* _YOUR OBJECTIVE_: Some entries follow. Reproduce exactly the lines starting at the one with "(minN k' f) (f k)" and stopping after the one with "Definition is_spectrum (n".

INFORMATION SUPPLIED Start Marker

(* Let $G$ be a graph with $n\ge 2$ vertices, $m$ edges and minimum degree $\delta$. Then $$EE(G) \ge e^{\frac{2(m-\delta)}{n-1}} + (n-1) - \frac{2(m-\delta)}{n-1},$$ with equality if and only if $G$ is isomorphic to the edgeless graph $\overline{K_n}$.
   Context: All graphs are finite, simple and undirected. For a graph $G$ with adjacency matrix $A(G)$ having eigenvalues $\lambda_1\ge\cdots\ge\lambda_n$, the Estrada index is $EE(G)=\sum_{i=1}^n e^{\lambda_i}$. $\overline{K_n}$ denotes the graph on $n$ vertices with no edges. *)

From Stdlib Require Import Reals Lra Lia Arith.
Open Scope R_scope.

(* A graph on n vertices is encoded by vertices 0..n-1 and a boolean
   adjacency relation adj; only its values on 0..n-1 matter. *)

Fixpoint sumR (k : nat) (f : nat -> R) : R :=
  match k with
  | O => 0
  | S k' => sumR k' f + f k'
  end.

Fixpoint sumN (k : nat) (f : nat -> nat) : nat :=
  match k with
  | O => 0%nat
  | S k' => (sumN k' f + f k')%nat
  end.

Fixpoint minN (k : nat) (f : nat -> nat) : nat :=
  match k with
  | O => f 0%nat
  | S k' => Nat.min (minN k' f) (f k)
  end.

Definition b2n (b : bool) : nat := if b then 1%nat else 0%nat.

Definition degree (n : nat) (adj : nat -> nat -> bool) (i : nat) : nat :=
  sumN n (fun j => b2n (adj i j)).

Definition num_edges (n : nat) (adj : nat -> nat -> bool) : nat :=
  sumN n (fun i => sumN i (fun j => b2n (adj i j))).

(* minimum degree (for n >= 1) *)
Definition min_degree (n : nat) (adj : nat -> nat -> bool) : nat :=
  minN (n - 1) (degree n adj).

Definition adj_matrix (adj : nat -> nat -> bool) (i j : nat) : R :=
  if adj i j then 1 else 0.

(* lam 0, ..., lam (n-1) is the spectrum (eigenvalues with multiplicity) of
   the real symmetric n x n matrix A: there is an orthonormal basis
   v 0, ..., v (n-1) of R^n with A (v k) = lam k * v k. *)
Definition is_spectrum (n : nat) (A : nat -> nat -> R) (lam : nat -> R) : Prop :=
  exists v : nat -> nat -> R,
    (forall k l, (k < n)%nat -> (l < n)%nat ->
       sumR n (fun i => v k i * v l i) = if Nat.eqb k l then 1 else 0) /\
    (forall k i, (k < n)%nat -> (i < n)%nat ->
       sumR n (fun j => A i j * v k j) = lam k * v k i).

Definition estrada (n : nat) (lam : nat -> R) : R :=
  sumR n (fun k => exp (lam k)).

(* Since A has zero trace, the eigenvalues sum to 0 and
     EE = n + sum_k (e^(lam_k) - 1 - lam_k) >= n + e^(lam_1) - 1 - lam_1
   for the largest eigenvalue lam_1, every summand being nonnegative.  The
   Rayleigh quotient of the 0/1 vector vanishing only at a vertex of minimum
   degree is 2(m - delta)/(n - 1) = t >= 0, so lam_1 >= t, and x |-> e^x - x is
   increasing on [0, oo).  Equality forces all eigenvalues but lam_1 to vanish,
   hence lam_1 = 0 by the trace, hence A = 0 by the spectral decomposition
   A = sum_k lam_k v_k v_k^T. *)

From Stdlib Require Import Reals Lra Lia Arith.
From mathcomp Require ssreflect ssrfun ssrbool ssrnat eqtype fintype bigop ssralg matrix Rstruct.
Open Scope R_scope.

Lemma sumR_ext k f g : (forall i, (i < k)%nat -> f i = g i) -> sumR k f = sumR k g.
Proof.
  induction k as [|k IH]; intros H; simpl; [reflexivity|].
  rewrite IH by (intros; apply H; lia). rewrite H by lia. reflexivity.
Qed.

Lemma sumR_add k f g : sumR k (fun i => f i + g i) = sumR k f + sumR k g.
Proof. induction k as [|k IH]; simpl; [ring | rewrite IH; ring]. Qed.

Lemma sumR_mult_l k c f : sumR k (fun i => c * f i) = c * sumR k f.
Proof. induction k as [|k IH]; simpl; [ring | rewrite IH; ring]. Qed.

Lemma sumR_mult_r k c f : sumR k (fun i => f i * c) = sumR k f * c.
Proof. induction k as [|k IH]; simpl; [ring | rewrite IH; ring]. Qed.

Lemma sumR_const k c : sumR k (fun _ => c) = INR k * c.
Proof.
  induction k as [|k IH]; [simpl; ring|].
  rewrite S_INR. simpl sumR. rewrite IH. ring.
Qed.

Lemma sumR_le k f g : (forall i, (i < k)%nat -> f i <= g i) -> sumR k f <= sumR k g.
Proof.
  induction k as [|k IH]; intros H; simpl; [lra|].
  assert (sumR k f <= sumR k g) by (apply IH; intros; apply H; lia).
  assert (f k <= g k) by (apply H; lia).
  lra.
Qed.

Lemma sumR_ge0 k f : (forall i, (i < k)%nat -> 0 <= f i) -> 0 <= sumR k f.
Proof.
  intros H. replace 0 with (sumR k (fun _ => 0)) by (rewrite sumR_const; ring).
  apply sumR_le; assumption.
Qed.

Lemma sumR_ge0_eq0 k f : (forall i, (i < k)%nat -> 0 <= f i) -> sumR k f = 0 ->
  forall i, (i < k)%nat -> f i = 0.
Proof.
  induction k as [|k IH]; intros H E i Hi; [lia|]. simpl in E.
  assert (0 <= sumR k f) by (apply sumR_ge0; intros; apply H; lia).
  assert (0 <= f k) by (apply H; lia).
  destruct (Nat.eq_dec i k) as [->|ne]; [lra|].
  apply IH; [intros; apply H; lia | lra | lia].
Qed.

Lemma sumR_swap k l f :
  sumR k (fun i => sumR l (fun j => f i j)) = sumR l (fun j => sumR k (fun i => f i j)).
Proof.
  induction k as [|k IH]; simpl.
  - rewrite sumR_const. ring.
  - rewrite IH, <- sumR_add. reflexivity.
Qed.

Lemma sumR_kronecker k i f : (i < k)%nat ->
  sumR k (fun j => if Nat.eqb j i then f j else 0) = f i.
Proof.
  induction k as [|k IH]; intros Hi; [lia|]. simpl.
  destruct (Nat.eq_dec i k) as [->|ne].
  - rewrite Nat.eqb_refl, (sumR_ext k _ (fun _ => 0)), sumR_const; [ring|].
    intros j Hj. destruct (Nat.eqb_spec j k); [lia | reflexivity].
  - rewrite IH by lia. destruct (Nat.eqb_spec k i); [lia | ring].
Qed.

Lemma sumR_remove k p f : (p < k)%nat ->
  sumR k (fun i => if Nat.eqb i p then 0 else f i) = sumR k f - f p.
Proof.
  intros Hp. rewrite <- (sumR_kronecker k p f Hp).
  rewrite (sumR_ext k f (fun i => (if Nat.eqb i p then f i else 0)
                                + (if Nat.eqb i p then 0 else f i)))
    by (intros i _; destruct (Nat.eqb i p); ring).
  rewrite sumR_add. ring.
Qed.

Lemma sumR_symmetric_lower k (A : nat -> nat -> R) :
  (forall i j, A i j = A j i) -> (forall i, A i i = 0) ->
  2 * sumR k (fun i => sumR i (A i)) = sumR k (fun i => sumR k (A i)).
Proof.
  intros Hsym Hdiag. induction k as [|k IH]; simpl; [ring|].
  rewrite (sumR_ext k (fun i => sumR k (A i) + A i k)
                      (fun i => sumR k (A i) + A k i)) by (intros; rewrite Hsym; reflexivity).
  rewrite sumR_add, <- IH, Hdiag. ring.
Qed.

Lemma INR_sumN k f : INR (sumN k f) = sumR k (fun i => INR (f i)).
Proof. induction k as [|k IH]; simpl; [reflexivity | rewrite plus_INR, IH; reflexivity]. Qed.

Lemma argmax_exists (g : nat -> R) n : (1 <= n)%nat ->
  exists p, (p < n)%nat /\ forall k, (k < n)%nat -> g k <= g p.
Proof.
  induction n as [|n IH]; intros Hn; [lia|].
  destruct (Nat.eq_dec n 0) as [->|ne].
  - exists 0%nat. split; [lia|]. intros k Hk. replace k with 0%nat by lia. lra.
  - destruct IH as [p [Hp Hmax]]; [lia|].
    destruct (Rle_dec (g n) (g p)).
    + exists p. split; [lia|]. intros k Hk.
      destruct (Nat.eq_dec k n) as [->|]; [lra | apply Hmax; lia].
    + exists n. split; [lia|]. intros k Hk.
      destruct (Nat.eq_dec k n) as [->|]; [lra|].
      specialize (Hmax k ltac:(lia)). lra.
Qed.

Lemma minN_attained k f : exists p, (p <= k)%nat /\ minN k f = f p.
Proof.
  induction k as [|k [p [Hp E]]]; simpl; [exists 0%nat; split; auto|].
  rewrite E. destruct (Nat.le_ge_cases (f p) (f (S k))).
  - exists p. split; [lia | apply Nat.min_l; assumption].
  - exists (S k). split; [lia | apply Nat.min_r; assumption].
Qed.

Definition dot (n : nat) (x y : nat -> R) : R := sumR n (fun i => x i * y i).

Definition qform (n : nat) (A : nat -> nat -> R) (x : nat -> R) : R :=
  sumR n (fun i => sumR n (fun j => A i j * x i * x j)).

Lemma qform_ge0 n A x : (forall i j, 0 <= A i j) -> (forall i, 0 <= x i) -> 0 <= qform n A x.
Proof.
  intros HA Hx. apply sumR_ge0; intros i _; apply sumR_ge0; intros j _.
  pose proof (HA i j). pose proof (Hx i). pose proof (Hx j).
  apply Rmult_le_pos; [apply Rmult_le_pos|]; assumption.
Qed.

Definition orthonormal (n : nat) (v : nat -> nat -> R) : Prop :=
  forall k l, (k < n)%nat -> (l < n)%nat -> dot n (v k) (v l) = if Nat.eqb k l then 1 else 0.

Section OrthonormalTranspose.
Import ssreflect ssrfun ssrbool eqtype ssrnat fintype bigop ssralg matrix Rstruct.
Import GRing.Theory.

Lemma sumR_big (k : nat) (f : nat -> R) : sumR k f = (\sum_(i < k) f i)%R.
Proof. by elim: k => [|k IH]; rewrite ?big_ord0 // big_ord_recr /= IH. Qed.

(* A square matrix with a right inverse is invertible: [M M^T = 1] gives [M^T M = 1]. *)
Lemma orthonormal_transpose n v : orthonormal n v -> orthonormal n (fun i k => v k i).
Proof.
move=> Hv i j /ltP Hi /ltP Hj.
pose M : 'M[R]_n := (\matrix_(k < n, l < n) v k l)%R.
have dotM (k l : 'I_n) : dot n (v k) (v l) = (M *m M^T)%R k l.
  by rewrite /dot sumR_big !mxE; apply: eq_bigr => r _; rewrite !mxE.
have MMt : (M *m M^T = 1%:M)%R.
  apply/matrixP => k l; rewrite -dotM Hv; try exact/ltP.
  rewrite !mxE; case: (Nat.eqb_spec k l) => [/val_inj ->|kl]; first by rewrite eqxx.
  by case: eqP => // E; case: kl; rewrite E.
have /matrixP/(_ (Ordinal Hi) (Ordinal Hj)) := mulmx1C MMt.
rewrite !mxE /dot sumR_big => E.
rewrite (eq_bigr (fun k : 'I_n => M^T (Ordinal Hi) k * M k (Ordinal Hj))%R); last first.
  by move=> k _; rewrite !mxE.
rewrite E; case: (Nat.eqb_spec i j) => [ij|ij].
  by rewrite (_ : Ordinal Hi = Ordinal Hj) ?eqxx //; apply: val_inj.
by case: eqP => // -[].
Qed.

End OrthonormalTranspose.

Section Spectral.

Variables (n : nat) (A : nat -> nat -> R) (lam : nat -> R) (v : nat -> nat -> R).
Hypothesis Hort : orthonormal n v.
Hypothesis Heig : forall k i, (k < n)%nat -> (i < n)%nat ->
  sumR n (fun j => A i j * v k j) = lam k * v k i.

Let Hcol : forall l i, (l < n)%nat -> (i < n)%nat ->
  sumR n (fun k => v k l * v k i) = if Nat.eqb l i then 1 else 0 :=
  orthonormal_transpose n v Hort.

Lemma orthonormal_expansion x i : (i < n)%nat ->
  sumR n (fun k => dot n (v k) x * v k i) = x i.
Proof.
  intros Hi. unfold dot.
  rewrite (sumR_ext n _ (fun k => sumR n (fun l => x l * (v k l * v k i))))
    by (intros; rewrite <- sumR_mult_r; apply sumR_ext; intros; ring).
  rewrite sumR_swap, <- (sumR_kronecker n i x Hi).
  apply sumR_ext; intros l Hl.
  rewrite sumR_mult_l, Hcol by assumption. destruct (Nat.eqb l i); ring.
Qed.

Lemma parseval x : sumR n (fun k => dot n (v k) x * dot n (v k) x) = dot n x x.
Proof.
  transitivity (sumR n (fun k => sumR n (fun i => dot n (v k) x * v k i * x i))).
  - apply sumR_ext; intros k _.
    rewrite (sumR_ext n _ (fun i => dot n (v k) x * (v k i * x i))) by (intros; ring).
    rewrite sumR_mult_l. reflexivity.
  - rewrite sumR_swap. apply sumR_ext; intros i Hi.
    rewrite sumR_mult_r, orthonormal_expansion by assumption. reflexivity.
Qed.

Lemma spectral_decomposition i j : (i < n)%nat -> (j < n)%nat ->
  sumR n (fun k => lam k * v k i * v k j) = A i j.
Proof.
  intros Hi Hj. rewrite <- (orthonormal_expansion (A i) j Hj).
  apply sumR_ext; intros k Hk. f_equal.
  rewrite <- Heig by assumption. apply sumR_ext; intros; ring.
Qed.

INFORMATION SUPPLIED End Marker
INFORMATION SUPPLIED Start Marker

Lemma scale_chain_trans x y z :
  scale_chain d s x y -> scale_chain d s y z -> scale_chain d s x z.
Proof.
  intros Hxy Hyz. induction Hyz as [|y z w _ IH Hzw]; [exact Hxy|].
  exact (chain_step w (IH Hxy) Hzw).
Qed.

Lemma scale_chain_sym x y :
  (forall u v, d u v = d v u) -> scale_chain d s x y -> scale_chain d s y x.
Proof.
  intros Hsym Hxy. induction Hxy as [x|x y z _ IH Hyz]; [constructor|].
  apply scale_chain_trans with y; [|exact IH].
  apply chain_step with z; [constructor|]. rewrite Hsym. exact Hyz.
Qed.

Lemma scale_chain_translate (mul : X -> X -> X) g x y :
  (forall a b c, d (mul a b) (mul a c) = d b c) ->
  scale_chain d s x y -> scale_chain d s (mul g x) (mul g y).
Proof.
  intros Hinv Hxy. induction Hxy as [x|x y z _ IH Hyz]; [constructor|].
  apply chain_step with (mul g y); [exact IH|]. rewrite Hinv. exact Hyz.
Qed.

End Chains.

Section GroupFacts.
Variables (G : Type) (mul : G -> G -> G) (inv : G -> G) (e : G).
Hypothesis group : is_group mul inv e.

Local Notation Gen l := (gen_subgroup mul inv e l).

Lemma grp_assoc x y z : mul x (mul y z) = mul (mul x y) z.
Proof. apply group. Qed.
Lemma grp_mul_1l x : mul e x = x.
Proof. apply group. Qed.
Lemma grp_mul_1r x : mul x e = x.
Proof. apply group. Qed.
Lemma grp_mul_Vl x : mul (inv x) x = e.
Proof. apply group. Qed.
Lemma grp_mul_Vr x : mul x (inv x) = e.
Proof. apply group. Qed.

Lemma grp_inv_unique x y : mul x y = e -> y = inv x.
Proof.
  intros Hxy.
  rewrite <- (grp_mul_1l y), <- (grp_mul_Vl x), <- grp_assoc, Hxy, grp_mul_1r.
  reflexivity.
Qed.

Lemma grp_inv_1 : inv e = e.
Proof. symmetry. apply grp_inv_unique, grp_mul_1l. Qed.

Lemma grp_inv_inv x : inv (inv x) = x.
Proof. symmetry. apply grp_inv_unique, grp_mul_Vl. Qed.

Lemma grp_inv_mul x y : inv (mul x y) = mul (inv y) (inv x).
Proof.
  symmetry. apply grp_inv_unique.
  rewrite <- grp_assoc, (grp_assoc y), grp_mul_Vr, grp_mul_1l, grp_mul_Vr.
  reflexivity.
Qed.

INFORMATION SUPPLIED End Marker

* _ANSWER SECTION_:
  | S k' => Nat.min (minN k' f) (f k)
  end.

Definition b2n (b : bool) : nat := if b then 1%nat else 0%nat.

Definition degree (n : nat) (adj : nat -> nat -> bool) (i : nat) : nat :=
  sumN n (fun j => b2n (adj i j)).

Definition num_edges (n : nat) (adj : nat -> nat -> bool) : nat :=
  sumN n (fun i => sumN i (fun j => b2n (adj i j))).

(* minimum degree (for n >= 1) *)
Definition min_degree (n : nat) (adj : nat -> nat -> bool) : nat :=
  minN (n - 1) (degree n adj).

Definition adj_matrix (adj : nat -> nat -> bool) (i j : nat) : R :=
  if adj i j then 1 else 0.

(* lam 0, ..., lam (n-1) is the spectrum (eigenvalues with multiplicity) of
   the real symmetric n x n matrix A: there is an orthonormal basis
   v 0, ..., v (n-1) of R^n with A (v k) = lam k * v k. *)
Definition is_spectrum (n : nat) (A : nat -> nat -> R) (lam : nat -> R) : Prop :=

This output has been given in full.